• Task details: Below are some records. Return exactly the lines from the one with "have [size_D _]" to the one with "have [k A_k] := A_col j; rewrite /sharp.", and nothing else.

(Provided data Opens)

Lemma chain_below j p : (j <= n.-1)%N -> (1 <= p <= j)%N ->
  cube_coord (D j) p = cube_coord cm p.
Proof.
move Ek : (n.-1 - j)%N => k; elim: k j Ek => [|k IH] j Ek j_n p_j.
  by rewrite (_ : j = n.-1) ?D_top //; lia.
have [_ [t [_ [_ [_ ->]]]]] := D_up (j := j) ltac:(lia).
rewrite cube_coord_set /update 1?ifN; try lia.
by apply: IH; lia.
Qed.

Lemma chain_above j p : (j < p <= n.-1)%N -> cube_coord (D j) p = cube_coord cM p.
Proof.
elim: j => [|j IH] p_j; first by rewrite D_bot.
have [_ [t [_ [_ [_ D_j]]]]] := D_up (j := j) ltac:(lia).
rewrite -IH; last by lia.
by rewrite D_j cube_coord_set /update 1?ifN //; lia.
Qed.

Lemma cell_lt i : (1 <= i <= n.-1)%N -> cube_coord cm i < cube_coord cM i.
Proof.
case: i => [|j] // j_n; have [_ [t [t_gt [_ [_ D_j]]]]] := D_up (j := j) ltac:(lia).
have below : cube_coord (D j.+1) j.+1 = cube_coord cm j.+1 by apply: chain_below; lia.
have above : cube_coord (D j) j.+1 = cube_coord cM j.+1 by apply: chain_above; lia.
by rewrite -below -above D_j cube_coord_set // /update eqxx.
Qed.

Lemma cell_gap i t : (1 <= i <= n.-1)%N -> cube_coord cm i < t -> t < cube_coord cM i ->
  ~ cubic_fun n (update (cube_coord (D i)) i t).
Proof.
case: i => [|j] // j_n t_gt t_lt D_t.
have [_ [t0 [_ [_ [t0_min D_j]]]]] := D_up (j := j) ltac:(lia).
have below : cube_coord (D j.+1) j.+1 = cube_coord cm j.+1 by apply: chain_below; lia.
have above : cube_coord (D j) j.+1 = cube_coord cM j.+1 by apply: chain_above; lia.
apply: (t0_min t); first by rewrite below.
  by rewrite -above D_j cube_coord_set // /update eqxx in t_lt.
have [size_D _] := chain_coordinate (j := j.+1) j_n.
exact: cubic_coordinate_set.
Qed.
Lemma sharpE x j : exists2 k, A k j \is a fin_num &
  f x j = fine (- A k j + row_value x k)%E /\
  forall k', A k' j \is a fin_num -> (- A k j + row_value x k <= - A k' j + row_value x k')%E.
Proof.
have [k A_k] := A_col j; rewrite /sharp.
have [k0 A_k0 minE] := @eq_bigmin _ _ _ +oo%E k (fun k => A k j \is a fin_num)
  (fun k => - A k j + row_value x k)%E A_k (fun _ _ => leey _).
by exists k0 => //; split => [|k' A_k']; rewrite -?minE //; apply: bigmin_le_cond.
Qed.

Lemma sharp_ub x j k : A k j \is a fin_num ->
  exists2 l, B k l \is a fin_num & f x j <= fine (B k l) - fine (A k j) + x l.
Proof.
move=> A_k; have [k0 A_k0 [-> /(_ k A_k)]] := sharpE x j.
have [l B_l ->] := row_valueE x k; have [l0 B_l0 ->] := row_valueE x k0.
by rewrite !arc_valueE // lee_fin => le_l; exists l.
Qed.

Lemma sharp_lb x j : exists2 k, A k j \is a fin_num &
  forall l, B k l \is a fin_num -> fine (B k l) - fine (A k j) + x l <= f x j.
Proof.
have [k A_k [-> _]] := sharpE x j; exists k => // l B_l.
have := le_row_value x B_l; have [l0 B_l0 ->] := row_valueE x k.
rewrite arc_valueE // -(fineK B_l) -(fineK B_l0) -!EFinD lee_fin /=; lra.
Qed.

Lemma sharp_mono x y : (forall l, x l <= y l) -> forall j, f x j <= f y j.
Proof.
move=> le_xy j; have [k A_k le_k] := sharp_lb y j; have [l B_l le_l] := sharp_ub x A_k.
by apply: le_trans le_l _; apply: le_trans (le_k l B_l); rewrite lerD2l.
Qed.

Lemma sharp_shift x a j : f (fun l => x l + a) j = f x j + a.
Proof.
apply/eqP; rewrite eq_le; apply/andP; split.
- have [k A_k le_k] := sharp_lb x j; have [l B_l le_l] := sharp_ub (fun l => x l + a) A_k.
  by have := le_k l B_l; lra.
- have [k A_k le_k] := sharp_lb (fun l => x l + a) j; have [l B_l le_l] := sharp_ub x A_k.
  by have := le_k l B_l; lra.
Qed.
Lemma eigenvalue_frameS a : eigenvalue frameS a <-> exists2 h, fcomp h != 0 & a = fweight h.
Proof.
split=> [/eigenvalueP [y yS y_neq0] | [h vh_neq0 ->]]; last first.
  apply/eigenvalueP; exists (adj (fcomp h)).
    by rewrite -frameS_adj -adjM frameS_fcomp adjZ geC0_conj ?fweight_ge0.
  by apply: contra vh_neq0 => /eqP vh0; rewrite -[fcomp h]adjK vh0 adj0.
pose x := adj y.
have x_neq0 : x != 0 by apply: contra y_neq0 => /eqP x0; rewrite -[y]adjK -/x x0 adj0.
have Sx : frameS *m x = a^* *: x by rewrite /x -{1}frameS_adj -adjM yS adjZ.
have [h Phx_neq0] := exists_fproj_neq0 x_neq0.
have : (fweight h - a^*) *: (fproj h *m x) = 0.
  have PS : fproj h *m frameS = fweight h *: fproj h.
    by rewrite frameS_spectral fproj_spectral_mulr.
  by rewrite scalerBl scalemxAl -PS -mulmxA Sx -scalemxAr subrr.
move/eqP; rewrite scalemx_eq0 (negPf Phx_neq0) orbF subr_eq0 => /eqP wa.
exists h; last by rewrite -[a]conjCK -wa geC0_conj ?fweight_ge0.
by apply: contra Phx_neq0 => /eqP/fproj_eq0 ->; rewrite mul0mx.
Qed.

Lemma exists_fcomp_neq0 : (0 < m)%N -> exists h, fcomp h != 0.
Proof.
move=> m_gt0; apply/existsP; apply: contraT => /existsPn v0.
have : (1%:M : 'M[algC]_m) = 0.
  by rewrite -sum_fproj big1 // => h _; apply/fproj_eq0/eqP; rewrite -[_ == _]negbK v0.
move/matrixP/(_ (Ordinal m_gt0) (Ordinal m_gt0))/eqP.
by rewrite !mxE eqxx oner_eq0.
Qed.

Lemma dual_frame_GU :
  (forall q, invmx frameS *m phiq q = U q *m (invmx frameS *m phi)) /\
  invmx frameS *m phi = sqn^-1 *: \sum_(h in frame_supp) (sigma h)^-1 *: unit_comp h.
Proof.
split=> [q|]; first by rewrite invS_spectral fproj_spectral_phiq.
rewrite invS_spectral mulmx_suml scaler_sumr sum_frame_supp => [|h vh0]; last first.
  by rewrite /unit_comp fourier_phiE vh0 !scaler0.
apply: eq_bigr => h _; rewrite -scalemxAl /unit_comp fourier_phiE !scalerA; congr (_ *: _).
by rewrite sigmaE [RHS]mulrC -!mulrA mulVKf ?sqn_neq0 // -expr2 exprVn sqrtCK.
Qed.

Lemma sqrt_invS_phi P : posdef P -> P *m P = invmx frameS ->
  P *m phi = \sum_h (sigma h)^-1 *: fcomp h.
Proof.
move=> P_posdef PP; rewrite {1}phi_sum_fcomp mulmx_sumr.
by apply: eq_bigr => h _; rewrite sqrt_invS_fcomp // sigmaE.
Qed.

Lemma canonical_tight_frame_GU :
  (exists P, posdef P /\ P *m P = invmx frameS) /\
  forall P, posdef P -> P *m P = invmx frameS ->
    (forall q, P *m phiq q = U q *m (P *m phi)) /\
    P *m phi = sqn^-1 *: \sum_(h in frame_supp) unit_comp h.
Proof.
split=> [|P P_posdef PP].
  by exists tight_root; split; [apply: tight_root_posdef | apply: tight_root_sqr].
split=> [q|].
  rewrite sqrt_invS_phi // phiq_sum_fcomp !mulmx_sumr; apply: eq_bigr => h _.
  by rewrite -!scalemxAr sqrt_invS_fcomp // mulU_fcomp !scalerA sigmaE mulrC.
rewrite sqrt_invS_phi // scaler_sumr sum_frame_supp => [|h vh0]; last first.
  by rewrite /unit_comp fourier_phiE vh0 !scaler0.
apply: eq_bigr => h _.
by rewrite /unit_comp fourier_phiE !scalerA mulrAC mulVf ?sqn_neq0 ?mul1r.
Qed.

Lemma frame_bounds_real h : h \in frame_supp -> sqn * fourier_s h \is Num.real.
Proof. by move=> _; rewrite sqn_fourier_s ger0_real ?fweight_ge0. Qed.

Lemma frame_supp_nonempty : (0 < m)%N -> exists h, h \in frame_supp.
Proof. by move=> /exists_fcomp_neq0 [h vh_neq0]; exists h; rewrite mem_frame_supp. Qed.

Lemma eigenvalue_frameS_supp a :
  eigenvalue frameS a <-> exists2 h, h \in frame_supp & a = sqn * fourier_s h.
Proof.
rewrite eigenvalue_frameS.
by split=> -[h vh ->]; exists h; rewrite ?mem_frame_supp ?sqn_fourier_s // -mem_frame_supp.
Qed.
Lemma chart_extension_continuous :
  continuous f -> (forall v, f v != v -> K v) -> continuous chart_extension.
Proof.
move=> f_cont f_supp y; have [Uy|nUy] := pselect (U y).
  have near_y : \forall z \near y, psi (f (phi z)) = chart_extension z.
    by apply: filterS (open_nbhs_nbhs (conj oU Uy)) => z /chart_extensionE ->.
  rewrite /continuous_at (chart_extensionE Uy); apply: cvg_trans (near_eq_cvg near_y) _.
  apply: continuous_comp; last exact: psi_cont.
  by apply: continuous_comp; [exact: phi_cont_in (mem_set Uy)|exact: f_cont].
have fixed_off : forall z, ~ (psi @` K) z -> chart_extension z = z.
  move=> z nKz; rewrite /chart_extension; case: pselect => // Uz.
  have [fz|fz] := eqVneq (f (phi z)) (phi z); first by rewrite fz psiK.
  by case: nKz; exists (phi z); [exact: f_supp|exact: psiK].
have nKy : ~ (psi @` K) y by move=> [v _ vy]; apply: nUy; rewrite -vy.
have near_y : \forall z \near y, z = chart_extension z.
  have nbhs_y : open_nbhs y (~` (psi @` K)) by split; [exact: closed_openC|].
  by apply: filterS (open_nbhs_nbhs nbhs_y) => z /fixed_off ->.
rewrite /continuous_at fixed_off //.
exact: cvg_trans (near_eq_cvg near_y) (cvg_id).
Qed.
(* Let $P$ be a poset, let $e_1:P\to L_1$ and $e_2:P\to L_2$ be join-completions of $P$, and let $f:L_1\to L_2$ be a completely join-preserving map with $f\circ e_1=e_2$. Then $\mathcal{U}_{e_1}\subseteq\mathcal{U}_{e_2}$.
   Context: A join-completion of $P$ is an order embedding $e:P\to L$ into a complete lattice with every $x\in L$ equal to $\bigvee\{e(p):e(p)\le x\}$. For such $e$, $\Gamma_e$ is the standard closure operator on $P$ whose closed sets are the sets $e^{-1}(x^\downarrow)$, $x\in L$, and $\mathcal{U}_e=\{S\subseteq P:\bigvee S\text{ exists in }P\text{ and }\bigvee S\in\Gamma_e(S)\}$ (equivalently, $\bigvee S$ exists and $e(\bigvee S)=\bigvee e[S]$). *)

From HB Require Import structures.
From mathcomp Require Import all_boot all_order.
From mathcomp Require Import boolp classical_sets.
Set Implicit Arguments. Unset Strict Implicit. Unset Printing Implicit Defensive.
Import Order.TTheory.
Local Open Scope classical_set_scope.
Local Open Scope order_scope.

Definition is_join {d} {T : porderType d} (S : set T) (x : T) : Prop :=
  (forall s, S s -> s <= x) /\ (forall y, (forall s, S s -> s <= y) -> x <= y).

Definition complete_lattice {d} (T : porderType d) : Prop :=
  forall S : set T, exists x, is_join S x.

Definition order_embedding {d d'} {P : porderType d} {L : porderType d'}
  (e : P -> L) : Prop := forall p q, (e p <= e q) <-> (p <= q).

Definition join_completion {d d'} {P : porderType d} {L : porderType d'}
  (e : P -> L) : Prop :=
  [/\ complete_lattice L, order_embedding e &
      forall x : L, is_join [set y | exists p, y = e p /\ e p <= x] x].

Definition complete_join_preserving {d d'} {L : porderType d} {M : porderType d'}
  (f : L -> M) : Prop :=
  forall (S : set L) (x : L), is_join S x -> is_join (f @` S) (f x).

Definition Gamma_closed {d d'} {P : porderType d} {L : porderType d'}
  (e : P -> L) (A : set P) : Prop :=
  exists x : L, A = [set p | e p <= x].

Definition Gamma {d d'} {P : porderType d} {L : porderType d'}
  (e : P -> L) (S : set P) : set P :=
  [set p | forall A, Gamma_closed e A -> S `<=` A -> A p].

Definition U_e {d d'} {P : porderType d} {L : porderType d'}
  (e : P -> L) : set (set P) :=
  [set S | exists s, is_join S s /\ Gamma e S s].

(* An element s = \/S lies in Gamma_e(S) exactly when e s is the join of e[S]
   in L: the closed sets containing S are the down-sets e^{-1}(y) of the upper
   bounds y of e[S].  So S is in U_e1 iff e1 (\/S) = \/e1[S]; applying the
   join-preserving f and f \o e1 = e2 gives e2 (\/S) = \/e2[S]. *)
From mathcomp Require Import all_boot all_order.
From mathcomp Require Import boolp classical_sets.
Set Implicit Arguments. Unset Strict Implicit. Unset Printing Implicit Defensive.
Import Order.TTheory.
Local Open Scope classical_set_scope.
Local Open Scope order_scope.

Section GammaJoin.
Context {dP dL : Order.disp_t} {P : porderType dP} {L : porderType dL}.
Variable e : P -> L.

Lemma GammaP (S : set P) (x : P) :
  Gamma e S x <-> forall y : L, (forall s, S s -> e s <= y) -> e x <= y.
Proof.
split=> [Gx y ubS | leS A [y ->] SA].
- by apply: (Gx [set p | e p <= y]) => //; exists y.
- by apply: leS => s /SA.
Qed.

Lemma Gamma_join_image (S : set P) (s : P) :
  order_embedding e -> is_join S s -> Gamma e S s <-> is_join (e @` S) (e s).
Proof.
move=> emb [ubs _]; rewrite GammaP; split=> [leS | [_ lub]].
- split=> [_ [t St <-] | y ub]; first exact/emb/ubs.
  by apply: leS => t St; apply: ub; exists t.
- by move=> y ub; apply: lub => _ [t St <-]; apply: ub.
Qed.

Lemma U_eP (S : set P) : order_embedding e ->
  U_e e S <-> exists s, is_join S s /\ is_join (e @` S) (e s).
Proof.
move=> emb; split=> -[s [Js Gs]]; exists s; split=> //.
all: exact/(Gamma_join_image emb Js).
Qed.

End GammaJoin.

Theorem lemma5p9 {dP d1 d2 : Order.disp_t} (P : porderType dP)
  (L1 : porderType d1) (L2 : porderType d2)
  (e1 : P -> L1) (e2 : P -> L2) (f : L1 -> L2) :
  join_completion e1 -> join_completion e2 ->
  complete_join_preserving f -> (forall p, f (e1 p) = e2 p) ->
  U_e e1 `<=` U_e e2.
Proof.
move=> [_ emb1 _] [_ emb2 _] fjoin fe S /(U_eP _ emb1) [s [Js Je1s]].
apply/(U_eP _ emb2); exists s; split=> //.
have fe1 : f \o e1 = e2 by apply: funext.
by have := fjoin _ _ Je1s; rewrite image_comp fe1 fe.
Qed.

(Provided data Closes)

• Task answer:
have [size_D _] := chain_coordinate (j := j.+1) j_n.
exact: cubic_coordinate_set.
Qed.
Lemma sharpE x j : exists2 k, A k j \is a fin_num &
  f x j = fine (- A k j + row_value x k)%E /\
  forall k', A k' j \is a fin_num -> (- A k j + row_value x k <= - A k' j + row_value x k')%E.
Proof.
have [k A_k] := A_col j; rewrite /sharp.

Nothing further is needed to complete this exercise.